**Exercise instructions**:
Would you return the entries below word for word?

**Dataset extract**:
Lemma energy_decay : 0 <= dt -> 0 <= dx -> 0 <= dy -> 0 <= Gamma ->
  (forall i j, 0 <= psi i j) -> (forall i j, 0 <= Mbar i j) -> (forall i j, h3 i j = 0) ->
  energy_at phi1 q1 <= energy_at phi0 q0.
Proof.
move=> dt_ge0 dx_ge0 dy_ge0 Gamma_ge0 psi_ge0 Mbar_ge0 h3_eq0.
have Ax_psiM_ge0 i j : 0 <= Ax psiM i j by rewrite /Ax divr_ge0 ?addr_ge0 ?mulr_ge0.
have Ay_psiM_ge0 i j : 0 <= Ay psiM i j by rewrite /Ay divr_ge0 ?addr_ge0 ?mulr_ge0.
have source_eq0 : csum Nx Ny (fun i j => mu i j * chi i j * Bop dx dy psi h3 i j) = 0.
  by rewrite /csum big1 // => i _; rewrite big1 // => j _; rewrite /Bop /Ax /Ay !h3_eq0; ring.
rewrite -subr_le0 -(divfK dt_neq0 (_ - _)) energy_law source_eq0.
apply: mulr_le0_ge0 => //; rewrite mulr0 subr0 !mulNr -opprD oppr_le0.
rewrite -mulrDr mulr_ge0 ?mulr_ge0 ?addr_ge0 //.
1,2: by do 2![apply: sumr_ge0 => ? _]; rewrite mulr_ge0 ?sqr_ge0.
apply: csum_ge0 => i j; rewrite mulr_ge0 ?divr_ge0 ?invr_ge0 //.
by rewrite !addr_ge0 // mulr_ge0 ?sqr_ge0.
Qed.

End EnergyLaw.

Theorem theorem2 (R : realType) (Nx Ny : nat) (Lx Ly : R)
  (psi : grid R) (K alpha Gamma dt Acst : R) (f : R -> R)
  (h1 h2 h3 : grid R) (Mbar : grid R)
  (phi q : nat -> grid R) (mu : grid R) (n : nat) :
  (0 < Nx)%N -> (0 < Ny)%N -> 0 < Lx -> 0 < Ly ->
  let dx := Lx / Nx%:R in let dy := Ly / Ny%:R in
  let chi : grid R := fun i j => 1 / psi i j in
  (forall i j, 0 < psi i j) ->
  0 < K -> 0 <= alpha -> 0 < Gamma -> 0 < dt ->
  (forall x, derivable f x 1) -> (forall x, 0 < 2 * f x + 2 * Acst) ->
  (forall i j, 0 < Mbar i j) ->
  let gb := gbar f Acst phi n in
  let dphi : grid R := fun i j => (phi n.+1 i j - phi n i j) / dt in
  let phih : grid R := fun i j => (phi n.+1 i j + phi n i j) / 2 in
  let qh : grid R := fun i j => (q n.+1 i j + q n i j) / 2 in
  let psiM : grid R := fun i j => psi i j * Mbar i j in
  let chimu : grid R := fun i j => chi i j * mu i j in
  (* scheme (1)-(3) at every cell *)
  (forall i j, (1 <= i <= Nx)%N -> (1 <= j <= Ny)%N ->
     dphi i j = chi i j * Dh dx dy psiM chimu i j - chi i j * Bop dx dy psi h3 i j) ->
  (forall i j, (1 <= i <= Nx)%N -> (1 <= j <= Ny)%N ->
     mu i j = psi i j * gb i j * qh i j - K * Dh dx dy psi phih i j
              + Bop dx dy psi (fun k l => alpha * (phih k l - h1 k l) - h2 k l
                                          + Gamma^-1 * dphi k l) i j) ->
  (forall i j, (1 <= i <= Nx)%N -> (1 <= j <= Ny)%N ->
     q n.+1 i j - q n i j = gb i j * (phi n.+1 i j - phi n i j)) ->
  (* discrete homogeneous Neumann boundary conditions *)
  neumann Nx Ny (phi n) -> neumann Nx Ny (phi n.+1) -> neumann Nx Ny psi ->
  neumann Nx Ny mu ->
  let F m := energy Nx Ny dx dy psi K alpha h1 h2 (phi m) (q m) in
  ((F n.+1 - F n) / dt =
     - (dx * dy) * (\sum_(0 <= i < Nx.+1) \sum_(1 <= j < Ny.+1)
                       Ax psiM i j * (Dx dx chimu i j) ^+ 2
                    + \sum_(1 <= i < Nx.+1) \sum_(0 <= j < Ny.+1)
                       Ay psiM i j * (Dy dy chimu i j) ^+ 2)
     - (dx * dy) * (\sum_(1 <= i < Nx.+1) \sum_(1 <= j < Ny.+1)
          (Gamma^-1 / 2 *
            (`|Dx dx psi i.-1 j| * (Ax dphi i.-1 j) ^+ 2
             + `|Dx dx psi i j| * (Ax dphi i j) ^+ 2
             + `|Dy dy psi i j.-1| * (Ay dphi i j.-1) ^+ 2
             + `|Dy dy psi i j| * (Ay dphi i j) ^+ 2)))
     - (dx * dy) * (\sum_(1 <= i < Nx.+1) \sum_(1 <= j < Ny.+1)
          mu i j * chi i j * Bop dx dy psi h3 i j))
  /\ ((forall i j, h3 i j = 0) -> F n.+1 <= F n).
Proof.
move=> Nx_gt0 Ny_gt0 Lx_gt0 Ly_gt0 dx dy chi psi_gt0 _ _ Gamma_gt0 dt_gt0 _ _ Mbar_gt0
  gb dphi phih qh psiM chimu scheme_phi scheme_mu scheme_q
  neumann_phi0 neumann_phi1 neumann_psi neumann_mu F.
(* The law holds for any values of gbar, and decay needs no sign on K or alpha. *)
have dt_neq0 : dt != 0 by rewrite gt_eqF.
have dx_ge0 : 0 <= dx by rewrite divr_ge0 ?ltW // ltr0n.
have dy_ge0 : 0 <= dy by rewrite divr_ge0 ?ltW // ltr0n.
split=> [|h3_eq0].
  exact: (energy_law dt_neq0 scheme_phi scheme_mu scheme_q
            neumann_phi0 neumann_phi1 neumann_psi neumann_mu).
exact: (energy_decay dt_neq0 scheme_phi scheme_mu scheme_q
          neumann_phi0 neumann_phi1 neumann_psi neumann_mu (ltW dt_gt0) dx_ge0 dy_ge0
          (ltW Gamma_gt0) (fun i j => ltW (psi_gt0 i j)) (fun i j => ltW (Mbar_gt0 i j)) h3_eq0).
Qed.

**Task response**:
Lemma energy_decay : 0 <= dt -> 0 <= dx -> 0 <= dy -> 0 <= Gamma ->
  (forall i j, 0 <= psi i j) -> (forall i j, 0 <= Mbar i j) -> (forall i j, h3 i j = 0) ->
  energy_at phi1 q1 <= energy_at phi0 q0.
Proof.
move=> dt_ge0 dx_ge0 dy_ge0 Gamma_ge0 psi_ge0 Mbar_ge0 h3_eq0.
have Ax_psiM_ge0 i j : 0 <= Ax psiM i j by rewrite /Ax divr_ge0 ?addr_ge0 ?mulr_ge0.
have Ay_psiM_ge0 i j : 0 <= Ay psiM i j by rewrite /Ay divr_ge0 ?addr_ge0 ?mulr_ge0.
have source_eq0 : csum Nx Ny (fun i j => mu i j * chi i j * Bop dx dy psi h3 i j) = 0.
  by rewrite /csum big1 // => i _; rewrite big1 // => j _; rewrite /Bop /Ax /Ay !h3_eq0; ring.
rewrite -subr_le0 -(divfK dt_neq0 (_ - _)) energy_law source_eq0.
apply: mulr_le0_ge0 => //; rewrite mulr0 subr0 !mulNr -opprD oppr_le0.
rewrite -mulrDr mulr_ge0 ?mulr_ge0 ?addr_ge0 //.
1,2: by do 2![apply: sumr_ge0 => ? _]; rewrite mulr_ge0 ?sqr_ge0.
apply: csum_ge0 => i j; rewrite mulr_ge0 ?divr_ge0 ?invr_ge0 //.
by rewrite !addr_ge0 // mulr_ge0 ?sqr_ge0.
Qed.

End EnergyLaw.

Theorem theorem2 (R : realType) (Nx Ny : nat) (Lx Ly : R)
  (psi : grid R) (K alpha Gamma dt Acst : R) (f : R -> R)
  (h1 h2 h3 : grid R) (Mbar : grid R)
  (phi q : nat -> grid R) (mu : grid R) (n : nat) :
  (0 < Nx)%N -> (0 < Ny)%N -> 0 < Lx -> 0 < Ly ->
  let dx := Lx / Nx%:R in let dy := Ly / Ny%:R in
  let chi : grid R := fun i j => 1 / psi i j in
  (forall i j, 0 < psi i j) ->
  0 < K -> 0 <= alpha -> 0 < Gamma -> 0 < dt ->
  (forall x, derivable f x 1) -> (forall x, 0 < 2 * f x + 2 * Acst) ->
  (forall i j, 0 < Mbar i j) ->
  let gb := gbar f Acst phi n in
  let dphi : grid R := fun i j => (phi n.+1 i j - phi n i j) / dt in
  let phih : grid R := fun i j => (phi n.+1 i j + phi n i j) / 2 in
  let qh : grid R := fun i j => (q n.+1 i j + q n i j) / 2 in
  let psiM : grid R := fun i j => psi i j * Mbar i j in
  let chimu : grid R := fun i j => chi i j * mu i j in
  (* scheme (1)-(3) at every cell *)
  (forall i j, (1 <= i <= Nx)%N -> (1 <= j <= Ny)%N ->
     dphi i j = chi i j * Dh dx dy psiM chimu i j - chi i j * Bop dx dy psi h3 i j) ->
  (forall i j, (1 <= i <= Nx)%N -> (1 <= j <= Ny)%N ->
     mu i j = psi i j * gb i j * qh i j - K * Dh dx dy psi phih i j
              + Bop dx dy psi (fun k l => alpha * (phih k l - h1 k l) - h2 k l
                                          + Gamma^-1 * dphi k l) i j) ->
  (forall i j, (1 <= i <= Nx)%N -> (1 <= j <= Ny)%N ->
     q n.+1 i j - q n i j = gb i j * (phi n.+1 i j - phi n i j)) ->
  (* discrete homogeneous Neumann boundary conditions *)
  neumann Nx Ny (phi n) -> neumann Nx Ny (phi n.+1) -> neumann Nx Ny psi ->
  neumann Nx Ny mu ->
  let F m := energy Nx Ny dx dy psi K alpha h1 h2 (phi m) (q m) in
  ((F n.+1 - F n) / dt =
     - (dx * dy) * (\sum_(0 <= i < Nx.+1) \sum_(1 <= j < Ny.+1)
                       Ax psiM i j * (Dx dx chimu i j) ^+ 2
                    + \sum_(1 <= i < Nx.+1) \sum_(0 <= j < Ny.+1)
                       Ay psiM i j * (Dy dy chimu i j) ^+ 2)
     - (dx * dy) * (\sum_(1 <= i < Nx.+1) \sum_(1 <= j < Ny.+1)
          (Gamma^-1 / 2 *
            (`|Dx dx psi i.-1 j| * (Ax dphi i.-1 j) ^+ 2
             + `|Dx dx psi i j| * (Ax dphi i j) ^+ 2
             + `|Dy dy psi i j.-1| * (Ay dphi i j.-1) ^+ 2
             + `|Dy dy psi i j| * (Ay dphi i j) ^+ 2)))
     - (dx * dy) * (\sum_(1 <= i < Nx.+1) \sum_(1 <= j < Ny.+1)
          mu i j * chi i j * Bop dx dy psi h3 i j))
  /\ ((forall i j, h3 i j = 0) -> F n.+1 <= F n).
Proof.
move=> Nx_gt0 Ny_gt0 Lx_gt0 Ly_gt0 dx dy chi psi_gt0 _ _ Gamma_gt0 dt_gt0 _ _ Mbar_gt0
  gb dphi phih qh psiM chimu scheme_phi scheme_mu scheme_q
  neumann_phi0 neumann_phi1 neumann_psi neumann_mu F.
(* The law holds for any values of gbar, and decay needs no sign on K or alpha. *)
have dt_neq0 : dt != 0 by rewrite gt_eqF.
have dx_ge0 : 0 <= dx by rewrite divr_ge0 ?ltW // ltr0n.
have dy_ge0 : 0 <= dy by rewrite divr_ge0 ?ltW // ltr0n.
split=> [|h3_eq0].
  exact: (energy_law dt_neq0 scheme_phi scheme_mu scheme_q
            neumann_phi0 neumann_phi1 neumann_psi neumann_mu).
exact: (energy_decay dt_neq0 scheme_phi scheme_mu scheme_q
          neumann_phi0 neumann_phi1 neumann_psi neumann_mu (ltW dt_gt0) dx_ge0 dy_ge0
          (ltW Gamma_gt0) (fun i j => ltW (psi_gt0 i j)) (fun i j => ltW (Mbar_gt0 i j)) h3_eq0).
Qed.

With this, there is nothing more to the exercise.